- _Activity_
Take from the material every line that contains the word "grid".

- _Given entries_
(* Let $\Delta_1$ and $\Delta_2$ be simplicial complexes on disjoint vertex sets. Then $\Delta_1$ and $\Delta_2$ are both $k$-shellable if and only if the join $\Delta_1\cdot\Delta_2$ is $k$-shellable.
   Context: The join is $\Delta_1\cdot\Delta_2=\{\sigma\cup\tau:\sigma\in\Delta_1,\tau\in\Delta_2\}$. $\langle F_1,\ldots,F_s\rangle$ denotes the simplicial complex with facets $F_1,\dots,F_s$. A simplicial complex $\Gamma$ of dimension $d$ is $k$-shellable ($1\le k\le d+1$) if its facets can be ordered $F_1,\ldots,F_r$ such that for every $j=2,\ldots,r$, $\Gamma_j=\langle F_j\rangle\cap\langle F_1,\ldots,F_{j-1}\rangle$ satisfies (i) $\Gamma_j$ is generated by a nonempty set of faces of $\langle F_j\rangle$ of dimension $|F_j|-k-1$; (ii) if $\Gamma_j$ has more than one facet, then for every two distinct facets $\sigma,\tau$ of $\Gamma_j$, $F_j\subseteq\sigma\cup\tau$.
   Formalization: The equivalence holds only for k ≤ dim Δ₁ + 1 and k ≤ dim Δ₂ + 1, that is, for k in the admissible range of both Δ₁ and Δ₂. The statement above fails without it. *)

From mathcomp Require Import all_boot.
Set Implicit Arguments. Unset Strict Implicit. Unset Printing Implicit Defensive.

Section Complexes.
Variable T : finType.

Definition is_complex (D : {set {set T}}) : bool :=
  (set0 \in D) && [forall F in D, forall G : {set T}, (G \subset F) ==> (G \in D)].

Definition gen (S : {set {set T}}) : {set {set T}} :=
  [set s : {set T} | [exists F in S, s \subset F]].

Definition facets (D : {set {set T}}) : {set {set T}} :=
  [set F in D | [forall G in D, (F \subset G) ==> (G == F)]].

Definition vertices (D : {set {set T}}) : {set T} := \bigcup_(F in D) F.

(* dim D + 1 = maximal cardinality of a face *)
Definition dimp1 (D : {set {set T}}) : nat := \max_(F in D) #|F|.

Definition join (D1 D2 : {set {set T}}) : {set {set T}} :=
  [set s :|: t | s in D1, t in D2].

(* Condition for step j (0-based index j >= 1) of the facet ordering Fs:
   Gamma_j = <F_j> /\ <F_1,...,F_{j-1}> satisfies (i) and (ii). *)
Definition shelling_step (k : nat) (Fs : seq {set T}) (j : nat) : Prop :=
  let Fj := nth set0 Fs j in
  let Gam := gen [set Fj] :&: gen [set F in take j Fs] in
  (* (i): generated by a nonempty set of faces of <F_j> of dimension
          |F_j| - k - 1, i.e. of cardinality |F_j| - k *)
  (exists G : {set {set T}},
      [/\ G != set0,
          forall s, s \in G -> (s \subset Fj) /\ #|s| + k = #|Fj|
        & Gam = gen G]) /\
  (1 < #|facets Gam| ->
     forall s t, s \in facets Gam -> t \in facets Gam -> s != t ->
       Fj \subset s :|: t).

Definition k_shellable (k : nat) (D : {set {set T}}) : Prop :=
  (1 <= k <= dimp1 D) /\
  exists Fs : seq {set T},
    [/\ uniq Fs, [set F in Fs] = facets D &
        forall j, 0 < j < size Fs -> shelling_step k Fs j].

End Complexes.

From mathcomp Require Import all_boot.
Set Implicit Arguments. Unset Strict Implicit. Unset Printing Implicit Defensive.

==

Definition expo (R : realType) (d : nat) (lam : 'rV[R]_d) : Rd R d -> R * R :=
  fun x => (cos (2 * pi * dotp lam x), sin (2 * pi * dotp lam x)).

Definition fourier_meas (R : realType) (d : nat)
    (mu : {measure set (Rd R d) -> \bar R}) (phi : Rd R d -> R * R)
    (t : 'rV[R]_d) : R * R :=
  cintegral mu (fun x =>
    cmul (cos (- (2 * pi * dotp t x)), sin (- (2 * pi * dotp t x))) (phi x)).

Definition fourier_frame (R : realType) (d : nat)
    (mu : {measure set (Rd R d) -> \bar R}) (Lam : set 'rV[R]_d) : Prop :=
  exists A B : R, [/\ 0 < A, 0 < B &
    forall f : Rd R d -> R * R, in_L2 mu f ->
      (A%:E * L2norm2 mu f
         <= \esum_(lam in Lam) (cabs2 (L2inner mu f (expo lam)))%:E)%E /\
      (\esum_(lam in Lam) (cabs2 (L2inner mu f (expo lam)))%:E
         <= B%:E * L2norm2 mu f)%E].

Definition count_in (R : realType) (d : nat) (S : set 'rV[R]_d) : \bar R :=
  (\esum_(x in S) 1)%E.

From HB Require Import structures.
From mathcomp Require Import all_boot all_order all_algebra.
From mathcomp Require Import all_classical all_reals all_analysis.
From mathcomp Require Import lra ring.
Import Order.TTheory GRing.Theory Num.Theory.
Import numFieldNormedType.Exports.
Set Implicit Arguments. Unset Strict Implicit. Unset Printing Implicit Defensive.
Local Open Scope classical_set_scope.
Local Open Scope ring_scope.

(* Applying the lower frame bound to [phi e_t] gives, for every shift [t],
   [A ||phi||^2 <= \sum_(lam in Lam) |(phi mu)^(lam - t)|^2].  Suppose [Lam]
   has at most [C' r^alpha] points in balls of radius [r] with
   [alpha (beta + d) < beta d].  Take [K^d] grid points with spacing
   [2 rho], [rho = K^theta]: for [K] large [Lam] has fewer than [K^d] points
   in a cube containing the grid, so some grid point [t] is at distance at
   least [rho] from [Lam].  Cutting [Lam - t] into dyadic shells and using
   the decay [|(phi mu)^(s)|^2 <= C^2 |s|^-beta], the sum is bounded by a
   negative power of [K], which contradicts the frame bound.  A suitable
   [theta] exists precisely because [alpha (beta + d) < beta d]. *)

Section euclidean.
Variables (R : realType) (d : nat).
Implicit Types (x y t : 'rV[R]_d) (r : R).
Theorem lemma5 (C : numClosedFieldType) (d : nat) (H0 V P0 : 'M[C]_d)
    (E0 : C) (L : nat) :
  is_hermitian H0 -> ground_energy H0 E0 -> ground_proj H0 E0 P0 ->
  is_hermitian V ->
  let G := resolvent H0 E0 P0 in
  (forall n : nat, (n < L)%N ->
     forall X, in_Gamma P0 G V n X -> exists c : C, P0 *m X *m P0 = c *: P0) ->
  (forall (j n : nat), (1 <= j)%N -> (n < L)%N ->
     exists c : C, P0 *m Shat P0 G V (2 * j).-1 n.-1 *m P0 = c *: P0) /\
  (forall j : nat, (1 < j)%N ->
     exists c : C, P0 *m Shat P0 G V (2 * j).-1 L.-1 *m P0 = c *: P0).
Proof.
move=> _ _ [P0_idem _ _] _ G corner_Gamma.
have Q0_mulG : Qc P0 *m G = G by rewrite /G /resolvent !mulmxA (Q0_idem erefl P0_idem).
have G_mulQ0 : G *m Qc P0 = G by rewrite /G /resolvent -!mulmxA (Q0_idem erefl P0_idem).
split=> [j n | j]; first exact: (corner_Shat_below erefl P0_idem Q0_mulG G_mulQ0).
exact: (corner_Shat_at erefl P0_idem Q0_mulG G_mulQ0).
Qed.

- _Output for this exercise_
   [alpha (beta + d) < beta d].  Take [K^d] grid points with spacing
   in a cube containing the grid, so some grid point [t] is at distance at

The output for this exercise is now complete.